First up: the gig economy. The start-up Careship, run by young siblings Antonia and Nikolaus Albert, uses an app to match old people with individual carers, who sign up to help with everything from cleaning and getting dressed to accompanying their charges to art exhibits. Some are trained nurses, but the majority are what Albert refers to as “everyday helpers”, vetted via a five-step interview process with the company. Careship provides free consultation to its users, helping find out how to use their insurance benefits to pay for their service. This then provides funding to pay the carers, who are able to set their own rates starting at €15 per hour (with the company taking a 15-20 percent cut). Like the new wave of housecleaning and food delivery start-ups, Careship hires its employees as freelance contractors, and (somewhat ironically) doesn’t provide them with health or social insurance benefits. Good news for creative types with a nurturing streak who want a flexible side job, but filling the nursing gap with the Berlin“precariat” class is hardly likely to improve the situation of poorly paid care workers.
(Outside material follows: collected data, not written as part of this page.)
Lemma xr_eq_indicator n r m (u1 u2 : bv r) (v1 v2 : bv m) (al be ga : bv m) (al' be' ga' : bv r) :
  (r + m = n)%N ->
  ((bv_rotl r (bv_xor (bv_add (bv_cat n u1 v1) (bv_cat n al' al))
                      (bv_add (bv_cat n u2 v2) (bv_cat n be' be)))
    == bv_add (bv_rotl r (bv_xor (bv_cat n u1 v1) (bv_cat n u2 v2))) (bv_cat n ga ga')) : nat)%:R
  = \sum_(i < 8) \sum_(l < 8)
      ((run al be ga v1 v2 (ord8 false false (bit2_8 l)) == Some i) : nat)%:R *
      ((run al' be' ga' u1 u2 (ord8 (bit0_8 i) (bit1_8 i) false) == Some l) : nat)%:R :> rat.
Proof.
move=> /xr_eq_split ->.
have [Hbe Hga Hv1 Hv2] :
  [/\ size be = size al, size ga = size al, size v1 = size al & size v2 = size al].
  by rewrite !size_tuple.
have [Hbe' Hga' Hu1 Hu2] :
  [/\ size be' = size al', size ga' = size al', size u1 = size al' & size u2 = size al'].
  by rewrite !size_tuple.
pose top_eq (i : 'I_8) :=
  xors (adc (bit0_8 i) u1 al').2 (adc (bit1_8 i) u2 be').2 == (adc false (xors u1 u2) ga').2.
transitivity (\sum_(i < 8) ((run al be ga v1 v2 (ord8 false false (adc false (xors u1 u2) ga').1)
                            == Some i) : nat)%:R * (top_eq i : nat)%:R : rat).
  rewrite sum_eq_Some (runE Hbe Hga Hv1 Hv2) !bit0_8E !bit1_8E !bit2_8E; case: (_ == _) => //=.
  by rewrite /top_eq !bit0_8E !bit1_8E.
apply: eq_bigr => i _; rewrite mulrC.
under eq_bigr => l _ do rewrite mulrC.
rewrite sum_eq_Some (runE Hbe' Hga' Hu1 Hu2) !bit0_8E !bit1_8E !bit2_8E /top_eq.
by case: ifP => _; rewrite /= ?bit2_8E ?mul1r ?mul0r.
Qed.

Lemma exchange_big2 (R : nmodType) (I J K L : finType) (F : I -> J -> K -> L -> R) :
  \sum_i \sum_j \sum_k \sum_l F i j k l = \sum_k \sum_l \sum_i \sum_j F i j k l.
Proof.
rewrite pair_bigA; under eq_bigr => p _ do rewrite pair_bigA.
by rewrite exchange_big [RHS]pair_bigA; apply: eq_bigr => q _; rewrite pair_bigA.
Qed.

Lemma card_set_sum (R : pzSemiRingType) (T : finType) (P : pred T) :
  #|[set x | P x]|%:R = \sum_x (P x : nat)%:R :> R.
Proof.
by rewrite -sum1_card natr_sum big_mkcond; apply: eq_bigr => x _; rewrite inE; case: (P x).
Qed.

Lemma adpXR_split n r m (al be ga : bv m) (al' be' ga' : bv r) : (r + m = n)%N ->
  adpXR r (bv_cat n al' al) (bv_cat n be' be) (bv_cat n ga ga') =
  \sum_(i < 8) \sum_(l < 8)
     Aprod al be ga i (ord8 false false (bit2_8 l)) *
     Aprod al' be' ga' l (ord8 (bit0_8 i) (bit1_8 i) false).
Proof.
move=> rmn; rewrite /adpXR !AprodE card_set_sum (sum_bv_cat _ rmn).
under eq_bigr => uu _ do under eq_bigr => vv _ do rewrite xr_eq_indicator //.
under [RHS]eq_bigr => i _ do under eq_bigr => l _ do rewrite !Aprod_seq_count mulf_div -exprD.
under [RHS]eq_bigr do rewrite -mulr_suml.
rewrite -mulr_suml -rmn addnC exchange_big2; congr (_ / _).
apply: eq_bigr => i _; apply: eq_bigr => l _.
by rewrite big_distrlr exchange_big.
Qed.

Lemma val_bv_cond m s (x : bv m) : val (bv_cond s x) = map (addb s) x.
Proof. by case: s; rewrite /= ?map_id. Qed.

Lemma bv_cond_compl m s (x : bv m) : bv_cond s (bv_compl x) = bv_cond (~~ s) x.
Proof.
apply: val_inj; rewrite !val_bv_cond /= -map_comp.
by apply: eq_map => b; case: s; case: b.
Qed.

Lemma Aprod_cond s0 s1 s2 m (al be ga : bv m) (i j : 'I_8) :
  Aprod (bv_cond s0 al) (bv_cond s1 be) (bv_cond s2 ga) i j =
  Aprod al be ga (xor8 i (ord8 s0 s1 s2)) (xor8 j (ord8 s0 s1 s2)).
Proof. by rewrite !AprodE !val_bv_cond Aprod_seq_xor. Qed.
Bentlage, who hadn’t heard of the app, seems unimpressed. “I’d like to know – are these people properly qualified, do they know their job properly? I’m not sure this gets us any closer to filling the gap.”
But other groups in Berlin are working on a solution that Bentlage wholly approves of: training refugees as carers. SpraBo, a flagship collaboration between Charité and Vivantes, combines an intensive German course with the foundational skills required to train as a nurse. “Charité came up with the idea back in September 2015, when we were running medical stations at refugee camps in Berlin,” explains Christina Polzin, one of the teachers. “We made contact with refugees who already had training in nursing, or an interest in learning about it. We realised that if we ran a course teaching the specialised language that you need to work with medicine, we could combine it with showing students how healthcare works here.”
In addition, Tuschke points out that being enrolled in the course increases trainees’ chances of being able to stay in Germany if they haven’t yet received asylum: “Officially, it makes no difference, but in our experience they’re less likely to face deportation if they’re in a course like this.”
The course opened on December 8 and has 19 students from the Middle East and Africa, three with some training in nursing or midwifery, the rest with no experience. Nine are taught at Charité by Polzin, the other 10 at Vivantes by Tuschke; all come together for their German classes. Funding comes partly from IQ Landesnetzwerk Berlin (a department of the Berlin Senate for Integration and Migration) and partly from the Federal Ministry of Labour and Social Affairs (BMAS) under the “Integration through Qualification” program. Their funding runs until the end of 2018, enough time for them to run four six-month courses, for a total of around 80 students.
“Initially we’d hoped to be able to run smaller classes, and more of them, for more intensive learning,” says Tuschke, who admits he’s disappointed that they haven’t been given more funding to work with. But both Tuschke and Polzin are hugely enthusiastic about the project, which they’re certain has potential as a language and integration course as well as a foundation for nurse training. As the course progresses, the students are given more and more time working practically in a hospital ward. But, Polzin warns, “It’s important to realise this course is not a full training. This is career orientation; something to inspire them to train as nurses, and to increase their chances of getting funding for a full education.”
So could this be the miracle cure that Germany needs to heal its chronic lack of nurses and carers? Tuschke doesn’t think so. He’s insistent that we still need reforms to make nursing more attractive and better respected as a career. “The fact is, there’s no difference between attracting refugees into nursing and attracting Germans,” he says. “Refugees aren’t here to do our demanding work. We need better conditions and better pay for everyone if we want more nurses.”